Work required - Look in the material below for the line holding "apply (continuity_mult (fun". Set it down exactly, with each later line up to and including the line holding "assert (Hk : continuity k).".

Given data -
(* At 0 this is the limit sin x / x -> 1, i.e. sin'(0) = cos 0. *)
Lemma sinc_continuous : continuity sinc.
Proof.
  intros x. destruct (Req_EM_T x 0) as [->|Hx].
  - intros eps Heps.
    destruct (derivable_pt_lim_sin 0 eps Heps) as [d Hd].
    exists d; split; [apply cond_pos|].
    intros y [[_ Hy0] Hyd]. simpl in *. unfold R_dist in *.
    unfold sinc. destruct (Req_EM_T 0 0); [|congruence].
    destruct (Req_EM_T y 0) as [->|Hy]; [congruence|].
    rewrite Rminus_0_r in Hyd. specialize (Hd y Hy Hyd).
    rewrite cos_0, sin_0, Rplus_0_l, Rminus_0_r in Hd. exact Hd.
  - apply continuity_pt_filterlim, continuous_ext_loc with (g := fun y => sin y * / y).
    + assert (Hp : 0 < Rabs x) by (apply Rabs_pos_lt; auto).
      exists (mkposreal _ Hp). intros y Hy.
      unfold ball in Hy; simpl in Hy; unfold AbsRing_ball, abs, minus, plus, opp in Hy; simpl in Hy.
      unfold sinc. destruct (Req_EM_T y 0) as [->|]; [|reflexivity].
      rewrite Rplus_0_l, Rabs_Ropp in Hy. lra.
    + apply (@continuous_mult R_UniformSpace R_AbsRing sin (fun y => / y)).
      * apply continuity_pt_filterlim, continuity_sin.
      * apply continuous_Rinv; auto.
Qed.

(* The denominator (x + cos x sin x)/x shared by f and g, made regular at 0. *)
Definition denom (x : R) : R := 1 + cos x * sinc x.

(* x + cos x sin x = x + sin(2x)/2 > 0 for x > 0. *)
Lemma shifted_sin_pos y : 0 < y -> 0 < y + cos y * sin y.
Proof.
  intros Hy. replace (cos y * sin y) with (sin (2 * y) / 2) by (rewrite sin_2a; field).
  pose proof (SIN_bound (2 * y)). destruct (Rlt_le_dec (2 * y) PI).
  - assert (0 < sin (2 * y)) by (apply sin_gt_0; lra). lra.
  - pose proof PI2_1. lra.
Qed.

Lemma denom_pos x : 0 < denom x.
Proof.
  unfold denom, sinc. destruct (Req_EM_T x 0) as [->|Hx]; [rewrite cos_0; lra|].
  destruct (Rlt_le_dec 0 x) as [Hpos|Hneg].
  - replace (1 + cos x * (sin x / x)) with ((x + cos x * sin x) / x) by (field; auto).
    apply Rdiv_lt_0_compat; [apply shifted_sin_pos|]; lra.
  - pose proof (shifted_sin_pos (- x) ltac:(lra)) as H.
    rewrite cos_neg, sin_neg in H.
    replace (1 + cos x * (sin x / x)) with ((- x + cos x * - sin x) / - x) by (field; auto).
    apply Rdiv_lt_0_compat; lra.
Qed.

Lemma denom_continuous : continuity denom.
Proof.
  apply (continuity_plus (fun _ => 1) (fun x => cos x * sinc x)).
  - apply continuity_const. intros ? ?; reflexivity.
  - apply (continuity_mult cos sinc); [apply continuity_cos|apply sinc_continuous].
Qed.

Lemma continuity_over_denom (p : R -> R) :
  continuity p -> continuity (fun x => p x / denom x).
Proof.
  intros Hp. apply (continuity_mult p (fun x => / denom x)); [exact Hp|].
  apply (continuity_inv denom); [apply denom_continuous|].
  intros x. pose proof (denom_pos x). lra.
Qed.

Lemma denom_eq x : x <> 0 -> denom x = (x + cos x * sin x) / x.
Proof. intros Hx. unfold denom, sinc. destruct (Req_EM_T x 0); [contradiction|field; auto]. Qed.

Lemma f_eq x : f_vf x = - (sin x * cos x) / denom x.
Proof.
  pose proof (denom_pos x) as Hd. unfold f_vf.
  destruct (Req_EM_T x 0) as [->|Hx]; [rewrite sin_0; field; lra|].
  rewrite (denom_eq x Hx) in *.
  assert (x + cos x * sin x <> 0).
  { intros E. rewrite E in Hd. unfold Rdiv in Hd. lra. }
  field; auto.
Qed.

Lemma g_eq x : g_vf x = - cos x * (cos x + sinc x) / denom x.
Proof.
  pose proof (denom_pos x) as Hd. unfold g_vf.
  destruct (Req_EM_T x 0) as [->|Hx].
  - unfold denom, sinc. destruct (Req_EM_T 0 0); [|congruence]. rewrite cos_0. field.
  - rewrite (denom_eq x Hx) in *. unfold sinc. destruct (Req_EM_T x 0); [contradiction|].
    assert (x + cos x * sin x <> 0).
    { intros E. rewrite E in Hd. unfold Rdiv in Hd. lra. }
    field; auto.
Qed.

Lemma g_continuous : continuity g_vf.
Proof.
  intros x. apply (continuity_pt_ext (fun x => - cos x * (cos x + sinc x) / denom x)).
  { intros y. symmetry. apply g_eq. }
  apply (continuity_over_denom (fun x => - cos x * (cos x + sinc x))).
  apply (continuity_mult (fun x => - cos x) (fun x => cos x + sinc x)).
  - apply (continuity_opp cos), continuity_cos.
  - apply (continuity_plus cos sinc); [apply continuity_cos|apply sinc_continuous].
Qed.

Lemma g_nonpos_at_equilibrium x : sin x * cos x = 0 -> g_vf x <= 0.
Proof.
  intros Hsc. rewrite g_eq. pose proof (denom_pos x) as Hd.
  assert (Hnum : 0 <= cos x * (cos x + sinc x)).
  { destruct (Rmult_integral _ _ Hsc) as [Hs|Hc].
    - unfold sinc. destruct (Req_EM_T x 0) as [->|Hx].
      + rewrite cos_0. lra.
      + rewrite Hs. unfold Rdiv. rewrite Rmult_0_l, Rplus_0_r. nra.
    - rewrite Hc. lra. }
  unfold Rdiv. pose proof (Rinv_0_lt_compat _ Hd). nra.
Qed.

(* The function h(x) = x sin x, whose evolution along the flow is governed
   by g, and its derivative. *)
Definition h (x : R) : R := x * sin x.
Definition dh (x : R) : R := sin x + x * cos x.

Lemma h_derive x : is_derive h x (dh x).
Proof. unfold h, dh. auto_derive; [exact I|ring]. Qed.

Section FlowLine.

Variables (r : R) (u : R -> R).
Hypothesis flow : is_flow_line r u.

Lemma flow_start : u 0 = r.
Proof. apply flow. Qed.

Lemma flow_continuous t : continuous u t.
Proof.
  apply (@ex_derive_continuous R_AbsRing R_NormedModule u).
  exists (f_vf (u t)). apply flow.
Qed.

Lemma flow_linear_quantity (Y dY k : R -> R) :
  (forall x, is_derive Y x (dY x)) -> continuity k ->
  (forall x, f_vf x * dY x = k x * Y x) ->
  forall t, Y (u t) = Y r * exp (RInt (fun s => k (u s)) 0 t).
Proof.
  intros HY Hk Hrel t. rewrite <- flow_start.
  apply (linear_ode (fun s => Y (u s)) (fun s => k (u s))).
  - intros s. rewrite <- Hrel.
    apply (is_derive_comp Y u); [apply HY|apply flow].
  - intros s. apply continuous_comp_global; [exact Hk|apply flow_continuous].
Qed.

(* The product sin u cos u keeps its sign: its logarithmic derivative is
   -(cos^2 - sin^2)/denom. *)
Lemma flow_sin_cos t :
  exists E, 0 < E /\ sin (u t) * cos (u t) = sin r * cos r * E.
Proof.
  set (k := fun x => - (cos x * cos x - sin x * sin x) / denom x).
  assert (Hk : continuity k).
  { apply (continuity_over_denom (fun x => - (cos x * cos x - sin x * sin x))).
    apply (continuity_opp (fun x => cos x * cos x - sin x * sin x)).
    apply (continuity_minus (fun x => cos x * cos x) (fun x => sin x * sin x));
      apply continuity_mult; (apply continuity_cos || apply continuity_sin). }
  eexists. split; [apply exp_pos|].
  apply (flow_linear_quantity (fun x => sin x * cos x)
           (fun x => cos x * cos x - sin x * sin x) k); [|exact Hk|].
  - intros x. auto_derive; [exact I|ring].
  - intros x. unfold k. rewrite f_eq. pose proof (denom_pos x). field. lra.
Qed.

Output for this exercise -
  apply (continuity_mult (fun x => - cos x) (fun x => cos x + sinc x)).
  - apply (continuity_opp cos), continuity_cos.
  - apply (continuity_plus cos sinc); [apply continuity_cos|apply sinc_continuous].
Qed.

Lemma g_nonpos_at_equilibrium x : sin x * cos x = 0 -> g_vf x <= 0.
Proof.
  intros Hsc. rewrite g_eq. pose proof (denom_pos x) as Hd.
  assert (Hnum : 0 <= cos x * (cos x + sinc x)).
  { destruct (Rmult_integral _ _ Hsc) as [Hs|Hc].
    - unfold sinc. destruct (Req_EM_T x 0) as [->|Hx].
      + rewrite cos_0. lra.
      + rewrite Hs. unfold Rdiv. rewrite Rmult_0_l, Rplus_0_r. nra.
    - rewrite Hc. lra. }
  unfold Rdiv. pose proof (Rinv_0_lt_compat _ Hd). nra.
Qed.

(* The function h(x) = x sin x, whose evolution along the flow is governed
   by g, and its derivative. *)
Definition h (x : R) : R := x * sin x.
Definition dh (x : R) : R := sin x + x * cos x.

Lemma h_derive x : is_derive h x (dh x).
Proof. unfold h, dh. auto_derive; [exact I|ring]. Qed.

Section FlowLine.

Variables (r : R) (u : R -> R).
Hypothesis flow : is_flow_line r u.

Lemma flow_start : u 0 = r.
Proof. apply flow. Qed.

Lemma flow_continuous t : continuous u t.
Proof.
  apply (@ex_derive_continuous R_AbsRing R_NormedModule u).
  exists (f_vf (u t)). apply flow.
Qed.

Lemma flow_linear_quantity (Y dY k : R -> R) :
  (forall x, is_derive Y x (dY x)) -> continuity k ->
  (forall x, f_vf x * dY x = k x * Y x) ->
  forall t, Y (u t) = Y r * exp (RInt (fun s => k (u s)) 0 t).
Proof.
  intros HY Hk Hrel t. rewrite <- flow_start.
  apply (linear_ode (fun s => Y (u s)) (fun s => k (u s))).
  - intros s. rewrite <- Hrel.
    apply (is_derive_comp Y u); [apply HY|apply flow].
  - intros s. apply continuous_comp_global; [exact Hk|apply flow_continuous].
Qed.

(* The product sin u cos u keeps its sign: its logarithmic derivative is
   -(cos^2 - sin^2)/denom. *)
Lemma flow_sin_cos t :
  exists E, 0 < E /\ sin (u t) * cos (u t) = sin r * cos r * E.
Proof.
  set (k := fun x => - (cos x * cos x - sin x * sin x) / denom x).
  assert (Hk : continuity k).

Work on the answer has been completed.